● **Exercise objective**: Instruction for the data below: set down exactly the lines from the line with "replace (- PI + PI)" to the line with "Definition sin_moment (a", inclusive, and no others.

(Data for review begins)

Lemma RInt_mul_dilate_periodic :
  Rabs (RInt (fun y => w y * g (INR n * y)) (- PI) PI - mean_T g * RInt w (- PI) PI)
    <= 8 * PI ^ 2 * K / INR n.
Proof.
  pose proof PI_RGT_0.
  assert (HN : 0 < INR n) by (apply lt_0_INR; lia).
  assert (Hh : 0 < h) by (apply Rdiv_lt_0_compat; lra).
  assert (Hcells : forall m, (m <= n)%nat ->
    Rabs (RInt defect (- PI) (- PI + INR m * h)) <= INR m * (2 * K * h ^ 2)).
  { induction m as [|m IH]; intros Hm.
    - change (INR 0) with 0. rewrite !Rmult_0_l, Rplus_0_r, RInt_point_R, Rabs_R0. lra.
    - assert (HmN : INR (S m) <= INR n) by (apply le_INR; lia).
      assert (Hmh : INR n * h = 2 * PI) by (unfold h; field; lra).
      rewrite S_INR in HmN |- *. pose proof (pos_INR m).
      assert ((INR m + 1) * h <= 2 * PI) by (rewrite <- Hmh; apply Rmult_le_compat_r; lra).
      assert (0 <= INR m * h) by (apply Rmult_le_pos; lra).
      replace (- PI + (INR m + 1) * h) with ((- PI + INR m * h) + h) by ring.
      rewrite <- (RInt_Chasles_R defect (- PI) (- PI + INR m * h))
        by (apply ex_RInt_continuous_R, continuous_defect).
      eapply Rle_trans; [apply Rabs_triang |].
      pose proof (IH ltac:(lia)).
      assert (Hcell : Rabs (RInt defect (- PI + INR m * h) (- PI + INR m * h + h))
                      <= h * (2 * K * h)) by (apply RInt_defect_cell; lra).
      nra. }
  specialize (Hcells n (le_n n)).
  replace (- PI + INR n * h) with PI in Hcells by (unfold h; field; lra).
  unfold defect in Hcells.
  rewrite RInt_minus_R, RInt_scal_R in Hcells by solve_ex_RInt.
  eapply Rle_trans; [apply Hcells |]. right. unfold h. field. lra.
Qed.

End Averaging.

Lemma PI_gt_3 : 3 < PI.
Proof. pose proof PI2_3_2; lra. Qed.

Lemma cos_half_pi_mul_le c : -1 <= c <= 1 -> cos (PI / 2 * c) <= 1 - c ^ 2 / 2.
Proof.
  intros Hc. pose proof PI_gt_3. pose proof PI_4.
  destruct (cos_bound (PI / 2 * c) 0) as [_ Hub]; [nra | nra |].
  unfold cos_approx, cos_term in Hub; simpl in Hub.
  (* Taylor: [cos a <= 1 - a^2/2 + a^4/24], and [pi^2/8 - pi^4/384 >= 1/2] for [3 < pi <= 4]. *)
  assert (Hc2 : 0 <= c ^ 2 <= 1) by nra.
  assert (Hx : 9 <= PI ^ 2 <= 16) by nra.
  assert (Hx2 : PI ^ 4 <= 25 * PI ^ 2 - 144) by nra.
  assert (Hpi : PI ^ 4 * c ^ 2 <= PI ^ 4 * 1) by (apply Rmult_le_compat_l; nra).
  nra.
Qed.

Definition bessel_J0 (b : R) : R := mean_T (fun s => cos (b * cos s)).

Lemma Rabs_bessel_J0_le_1 b : Rabs (bessel_J0 b) <= 1.
Proof.
  apply Rabs_mean_T_le; [solve_continuous | intros; apply Rabs_le, COS_bound].
Qed.

Lemma RInt_cos_sq : RInt (fun s => cos s ^ 2) (- PI) PI = PI.
Proof.
  assert (H : is_RInt (fun s => cos s ^ 2) (- PI) PI
     (minus ((fun s => s / 2 + sin (2 * s) / 4) PI) ((fun s => s / 2 + sin (2 * s) / 4) (- PI)))).
  { apply (is_RInt_derive (V := R_CompleteNormedModule) (fun s => s / 2 + sin (2 * s) / 4)).
    - intros; auto_derive; auto. rewrite cos_2a_cos. field.
    - intros; apply continuous_R_of_derive; intros; auto_derive; auto. }
  rewrite (is_RInt_unique _ _ _ _ H). unfold minus, plus, opp; simpl.
  replace (2 * - PI) with (- (2 * PI)) by ring. rewrite sin_neg, sin_2PI. field.
Qed.

Lemma Rabs_bessel_J0_half_pi : Rabs (bessel_J0 (- (PI / 2))) <= 3 / 4.
Proof.
  pose proof PI_RGT_0. unfold bessel_J0, mean_T.
  set (f := fun s => cos (- (PI / 2) * cos s)).
  assert (Hf : continuous_R f) by (unfold f; solve_continuous).
  assert (Hpos : 0 <= RInt f (- PI) PI).
  { rewrite <- (Rmult_0_r (PI - - PI)), <- RInt_const_R.
    apply RInt_le; [lra | apply ex_RInt_continuous_R; solve_continuous | solve_ex_RInt |].
    intros x _. unfold f. rewrite Ropp_mult_distr_l_reverse, cos_neg.
    pose proof (COS_bound x). apply cos_ge_0; nra. }
  assert (Hle : RInt f (- PI) PI <= RInt (fun s => 1 - cos s ^ 2 / 2) (- PI) PI).
  { apply RInt_le; [lra | solve_ex_RInt | solve_ex_RInt |].
    intros x _. unfold f. rewrite Ropp_mult_distr_l_reverse, cos_neg.
    apply cos_half_pi_mul_le, COS_bound. }
  rewrite RInt_minus_R, RInt_const_R in Hle by solve_ex_RInt.
  rewrite (RInt_ext (fun s => cos s ^ 2 / 2) (fun s => / 2 * cos s ^ 2)) in Hle
    by (intros; simpl; field).
  rewrite RInt_scal_R, RInt_cos_sq in Hle by solve_ex_RInt.
  rewrite Rabs_right.
  - apply (Rmult_le_reg_r (2 * PI)); [lra |]. unfold Rdiv. rewrite Rmult_assoc, Rinv_l by lra. lra.
  - apply Rle_ge, Rmult_le_pos; auto. apply Rlt_le, Rinv_0_lt_compat; lra.
Qed.

(* [s |-> s + PI] maps [cos s] to [- cos s], so the integrand is odd over a period. *)
Lemma RInt_sin_mul_cos b : RInt (fun s => sin (b * cos s)) (- PI) PI = 0.
Proof.
  set (f := fun s => sin (b * cos s)).
  assert (Hf : continuous_R f) by (unfold f; solve_continuous).
  rewrite <- (RInt_Chasles_R f (- PI) 0 PI) by solve_ex_RInt.
  assert (E : RInt f 0 PI = - RInt f (- PI) 0).
  { pose proof (RInt_shift_R f PI (- PI) 0 Hf) as Es.
    replace (- PI + PI) with 0 in Es by ring. rewrite Rplus_0_l in Es. rewrite <- Es.
    rewrite <- RInt_opp_R by solve_ex_RInt.
    apply RInt_ext. intros x _. unfold f. rewrite neg_cos.
    replace (b * - cos x) with (- (b * cos x)) by ring. apply sin_neg. }
  rewrite E; simpl; ring.
Qed.

(** * Oscillatory integrals *)

(** [osc_norm a psi] is the modulus of the oscillatory integral [\int_T a e^{i psi}]. *)
Definition cos_moment (a psi : R -> R) : R := RInt (fun y => a y * cos (psi y)) (- PI) PI.
Definition sin_moment (a psi : R -> R) : R := RInt (fun y => a y * sin (psi y)) (- PI) PI.
Definition osc_norm (a psi : R -> R) : R := sqrt (cos_moment a psi ^ 2 + sin_moment a psi ^ 2).

Lemma Rabs_sq x : Rabs x ^ 2 = x ^ 2.
Proof. unfold Rabs; destruct (Rcase_abs x); ring. Qed.

Lemma Rabs_le_sqrt_sum_sq x y : Rabs x <= sqrt (x ^ 2 + y ^ 2).
Proof.
  rewrite <- (sqrt_pow2 (Rabs x)) by apply Rabs_pos. apply sqrt_le_1_alt.
  rewrite Rabs_sq. nra.
Qed.

Lemma sqrt_sum_sq_add_le x y e1 e2 :
  sqrt ((x + e1) ^ 2 + (y + e2) ^ 2) <= sqrt (x ^ 2 + y ^ 2) + Rabs e1 + Rabs e2.
Proof.
  set (S := sqrt (x ^ 2 + y ^ 2)). assert (HS : 0 <= S) by apply sqrt_pos.
  assert (Hx : Rabs x <= S) by apply Rabs_le_sqrt_sum_sq.
  assert (Hy : Rabs y <= S) by (unfold S; rewrite Rplus_comm; apply Rabs_le_sqrt_sum_sq).
  assert (HS2 : S * S = x ^ 2 + y ^ 2) by (apply sqrt_sqrt; nra).
  pose proof (Rabs_pos e1); pose proof (Rabs_pos e2).
  rewrite <- (sqrt_pow2 (S + Rabs e1 + Rabs e2)) by lra.
  apply sqrt_le_1_alt.
  assert (x * e1 <= S * Rabs e1).
  { eapply Rle_trans; [apply Rle_abs |]. rewrite Rabs_mult. apply Rmult_le_compat_r; lra. }
  assert (y * e2 <= S * Rabs e2).
  { eapply Rle_trans; [apply Rle_abs |]. rewrite Rabs_mult. apply Rmult_le_compat_r; lra. }
  pose proof (Rabs_sq e1); pose proof (Rabs_sq e2). nra.
Qed.

Lemma Rabs_cos_moment_le a psi : Rabs (cos_moment a psi) <= osc_norm a psi.
Proof. apply Rabs_le_sqrt_sum_sq. Qed.

Lemma Rabs_sin_moment_le a psi : Rabs (sin_moment a psi) <= osc_norm a psi.
Proof. unfold osc_norm; rewrite Rplus_comm; apply Rabs_le_sqrt_sum_sq. Qed.

Lemma osc_norm_ge_0 a psi : 0 <= osc_norm a psi.
Proof. apply sqrt_pos. Qed.

Lemma osc_norm_ext a psi1 psi2 : (forall y, psi1 y = psi2 y) -> osc_norm a psi1 = osc_norm a psi2.
Proof.
  intros H. unfold osc_norm, cos_moment, sin_moment.
  rewrite (RInt_ext (fun y => a y * cos (psi1 y)) (fun y => a y * cos (psi2 y)))
    by (intros; rewrite H; auto).
  rewrite (RInt_ext (fun y => a y * sin (psi1 y)) (fun y => a y * sin (psi2 y)))
    by (intros; rewrite H; auto).
  reflexivity.
Qed.

Lemma osc_norm_le a psi M : continuous_R a -> continuous_R psi -> bounded_T a M ->
  osc_norm a psi <= 4 * PI * M.
Proof.
  intros Ha Hp Hb. pose proof PI_RGT_0.
  assert (Hmoment : forall trig : R -> R, continuous_R trig -> (forall x, Rabs (trig x) <= 1) ->
            Rabs (RInt (fun y => a y * trig (psi y)) (- PI) PI) <= (PI - - PI) * M).
  { intros trig Ht Ht1. apply abs_RInt_le_const_R; [lra | solve_continuous |].
    intros y Hy. rewrite Rabs_mult. specialize (Hb y Hy). specialize (Ht1 (psi y)).
    pose proof (Rabs_pos (a y)). pose proof (Rabs_pos (trig (psi y))). nra. }
  pose proof (Hmoment cos ltac:(intros x; apply continuous_R_cos, continuous_R_id)
                (fun x => Rabs_le _ _ (COS_bound x))) as Hc.
  pose proof (Hmoment sin ltac:(intros x; apply continuous_R_sin, continuous_R_id)
                (fun x => Rabs_le _ _ (SIN_bound x))) as Hs.
  fold (cos_moment a psi) in Hc. fold (sin_moment a psi) in Hs.
  unfold osc_norm. apply Rle_trans with (Rabs (cos_moment a psi) + Rabs (sin_moment a psi)); [| lra].
  pose proof (Rabs_pos (cos_moment a psi)); pose proof (Rabs_pos (sin_moment a psi)).
  rewrite <- (sqrt_pow2 (Rabs (cos_moment a psi) + Rabs (sin_moment a psi))) by lra.
  apply sqrt_le_1_alt. rewrite <- (Rabs_sq (cos_moment a psi)), <- (Rabs_sq (sin_moment a psi)). nra.
Qed.

Lemma osc_norm_add_const a psi c : continuous_R a -> continuous_R psi ->
  osc_norm a (fun y => psi y + c) = osc_norm a psi.
Proof.
  intros Ha Hp. unfold osc_norm.
  assert (Ec : cos_moment a (fun y => psi y + c) = cos c * cos_moment a psi - sin c * sin_moment a psi).
  { unfold cos_moment, sin_moment.
    rewrite <- !RInt_scal_R, <- RInt_minus_R by solve_ex_RInt.
    apply RInt_ext; intros. rewrite cos_plus. simpl; ring. }
  assert (Es : sin_moment a (fun y => psi y + c) = sin c * cos_moment a psi + cos c * sin_moment a psi).
  { unfold cos_moment, sin_moment.
    rewrite <- !RInt_scal_R, <- RInt_plus_R by solve_ex_RInt.
    apply RInt_ext; intros. rewrite sin_plus. simpl; ring. }
  rewrite Ec, Es. f_equal. pose proof (sin2_cos2 c). unfold Rsqr in *. nra.
Qed.

Lemma lipschitz_T_mul a b Ka Ma Kb Mb : 0 <= Ma -> 0 <= Kb ->
  lipschitz_T a Ka -> bounded_T a Ma -> lipschitz_T b Kb -> bounded_T b Mb ->
  lipschitz_T (fun y => a y * b y) (Ka * Mb + Ma * Kb).
Proof.
  intros HMa HKb La Ba Lb Bb y z Hy Hz.
  replace (a y * b y - a z * b z) with ((a y - a z) * b y + a z * (b y - b z)) by ring.
  eapply Rle_trans; [apply Rabs_triang |]. rewrite !Rabs_mult.
  specialize (La y z Hy Hz). specialize (Lb y z Hy Hz). specialize (Ba z Hz). specialize (Bb y Hy).
  pose proof (Rabs_pos (a y - a z)). pose proof (Rabs_pos (b y)). pose proof (Rabs_pos (a z)).
  pose proof (Rabs_pos (b y - b z)). pose proof (Rabs_pos (y - z)).
  assert (Rabs (a y - a z) * Rabs (b y) <= Ka * Rabs (y - z) * Mb) by (apply Rmult_le_compat; lra).
  assert (Rabs (a z) * Rabs (b y - b z) <= Ma * (Kb * Rabs (y - z))) by (apply Rmult_le_compat; lra).
  nra.
Qed.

(Data for review ends)

● **Solution to the problem**:
    replace (- PI + PI) with 0 in Es by ring. rewrite Rplus_0_l in Es. rewrite <- Es.
    rewrite <- RInt_opp_R by solve_ex_RInt.
    apply RInt_ext. intros x _. unfold f. rewrite neg_cos.
    replace (b * - cos x) with (- (b * cos x)) by ring. apply sin_neg. }
  rewrite E; simpl; ring.
Qed.

(** * Oscillatory integrals *)

(** [osc_norm a psi] is the modulus of the oscillatory integral [\int_T a e^{i psi}]. *)
Definition cos_moment (a psi : R -> R) : R := RInt (fun y => a y * cos (psi y)) (- PI) PI.
Definition sin_moment (a psi : R -> R) : R := RInt (fun y => a y * sin (psi y)) (- PI) PI.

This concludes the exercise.